Il Nome Della Rosa (1986)
Fermenti religiosi tra XII e XIII secolo
I movimenti religiosi che agitarono i secoli XII e XIII propugnavano il ritorno alla povertà evangelica ed erano mossi dalla reazione contro la corruzione del clero, come nel secolo XI i movimenti cluniacensi e quelli popolari (patarini), solo che adesso la lotta si sposta in seno alla stessa Chiesa, corrotta per l’eccessiva ricchezza e potere e non più succube dell’impero, e sorgono numerose eresie.
I Catari (Albigesi), I Valdesi o Poverelli di Lione, i Gioachimiti, gli Apostolici o Dolciniani in Piemonte.
Innocenzo III (1198-1216), all’interno del suo programma teocratico, combatté le eresie: crociata contro gli Albigesi (1209); istituzione del Tribunale dell’Inquisizione (1215; affidato poi da Gregorio IX nel 1233 ai Domenicani); compromesso con gli ordini mendicanti.
In particolare, nel 1210 approvò la regola dei Frati Minori e nel 1216 quella dei Predicatori. Ma dopo la morte di San Francesco, l’ordine si divide in francescani conventuali (meno rigorosi e più vicini alle posizioni ufficiali del papato) e francescani spirituali (fedeli al principio della povertà evangelica).

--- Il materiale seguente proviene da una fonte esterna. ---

Lemma cointeraction_morph_poly_iff_counit :
  cointeraction_morph psi m u Delta eps delta epsd
    *%R 1 (@poly_Delta K) (@poly_eps K) (@poly_delta K) (@poly_eps' K)
  <-> forall a, lam a = epsd a.
Proof.
split=> [[_ [_ [_ _ psi_epsd]]] a | lam_epsd]; first by rewrite -psi_lam psi_epsd.
have lam_eq : lam = epsd by exact: functional_extensionality.
subst lam; have [epsd_lin _ _] := epsd_char.
have psi_nat := coalg_morph_horner_nat psi_morph psi_lam.
have psi_alg := character_alg_morph charK0 bialgA epsd_lin psi_morph psi_lam epsd_char.
split; split=> //; split=> [||a]; first by case: psi_morph.
- move=> a; apply: (teq2_horner_posnat charK0) => k j.
  rewrite big_map poly_delta_horner -natrM psi_nat -conv_pow_counit_delta.
  by apply: eq_bigr => p _; rewrite !psi_nat.
- by rewrite psi_lam.
Qed.

End Cointeraction.

Unset Implicit Arguments.
Theorem proposition64 (K : fieldType) (charK0 : [pchar K] =i pred0)
  (A : lmodType K) (gr : nat -> A -> Prop)
  (Delta : A -> seq (A * A)) (eps : A -> K)
  (HA : graded_connected_coalgebra Delta eps gr)
  (lam : A -> K) (Hlam : linform lam)
  (Hlam1 : forall one : A, gr 0%N one -> eps one = 1 -> lam one = 1) :
  (* (1) *)
  (exists! psi : A -> {poly K},
      coalg_morph psi Delta eps (@poly_Delta K) (@poly_eps K) /\
      forall a, poly_eps' (psi a) = lam a)
  /\
  forall psi : A -> {poly K},
    coalg_morph psi Delta eps (@poly_Delta K) (@poly_eps K) ->
    (forall a, poly_eps' (psi a) = lam a) ->
    (* (2) *)
    (forall (m : A -> A -> A) (u : A), bialgebra m u Delta eps ->
       (bialg_morph psi m u Delta eps *%R 1 (@poly_Delta K) (@poly_eps K)
        <-> character m u lam))
    /\
    (* (3) *)
    (forall (m : A -> A -> A) (u : A) (delta : A -> seq (A * A)) (epsd : A -> K),
       cointeraction m u Delta eps delta epsd ->
       (cointeraction_morph psi m u Delta eps delta epsd
          *%R 1 (@poly_Delta K) (@poly_eps K) (@poly_delta K) (@poly_eps' K)
        <-> forall a, lam a = epsd a)).
Proof.
split; first exact: (coalg_morph_poly_exists_unique charK0 HA Hlam Hlam1).
move=> psi psi_morph psi_lam; split=> [m u bialgA | m u delta epsd cointA].
  exact: (bialg_morph_poly_iff_character charK0 bialgA Hlam psi_morph psi_lam).
exact: (cointeraction_morph_poly_iff_counit charK0 cointA psi_morph psi_lam).
Qed.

Intanto, dopo il regno di Corrado IV (1254), l’impero attraversò la crisi del Grande Interregno (1254-1273), dopo di che Rodolfo d’Asburgo (1273-1291), Adolfo di Nassau (1292-1298) e Alberto I d’Asburgo (1298-1308) non si interessarono dell’Italia.
Quindi si succedettero (1308-1378) tre imperatori che tentarono invano di ristabilire il potere imperiale in Italia (vedi Enrico VII di Lussemburgo, Ludovico il Bavaro e Carlo IV di Boemia).
Il papato dopo Innocenzo III perde potere ed alla fine del XIII secolo:
Celestino V (1294) è “colui che fece per viltà lo gran rifiuto”.
Bonifacio VIII (1294-1303) porta avanti la politica di Nicolò II, Gregorio VII e Innocenzo III per l’affermazione della teocrazia papale, ma si scontra fatalmente con il potere crescente di Filippo IV il Bello.
Clemente V (vedi sopra).
Il pensiero politico italiano partecipa attivamente alle lotte del tempo sostenendo l’autonomia del potere temporale di fronte a quello spirituale e religioso:
Dante nel De Monarchia, composta in occasione della discesa di Enrico VII (1310-1313), sostiene che il potere dell’imperatore deriva direttamente da Dio e quindi libero da quello del papa: il cardinale Bertrando del Poggetto, legato pontificio, mise l’opera all’indice.
Marsilio da Padova nel suo Defensor pacis esalta Ludovico il Bavaro e sostiene addirittura con il supporto di fonti bibliche che l’imperatore deriva il suo potere dal popolo, sulla cui sovranità si fonda la sovranità della Chiesa stessa.
Guglielmo di Occam (1290-1349), francescano docente a Oxford, sostenne un radicale empirismo, in base al quale fede e ragione erano separate, come fede e scienza e, in campo politico, potere laico e potere ecclesiastico.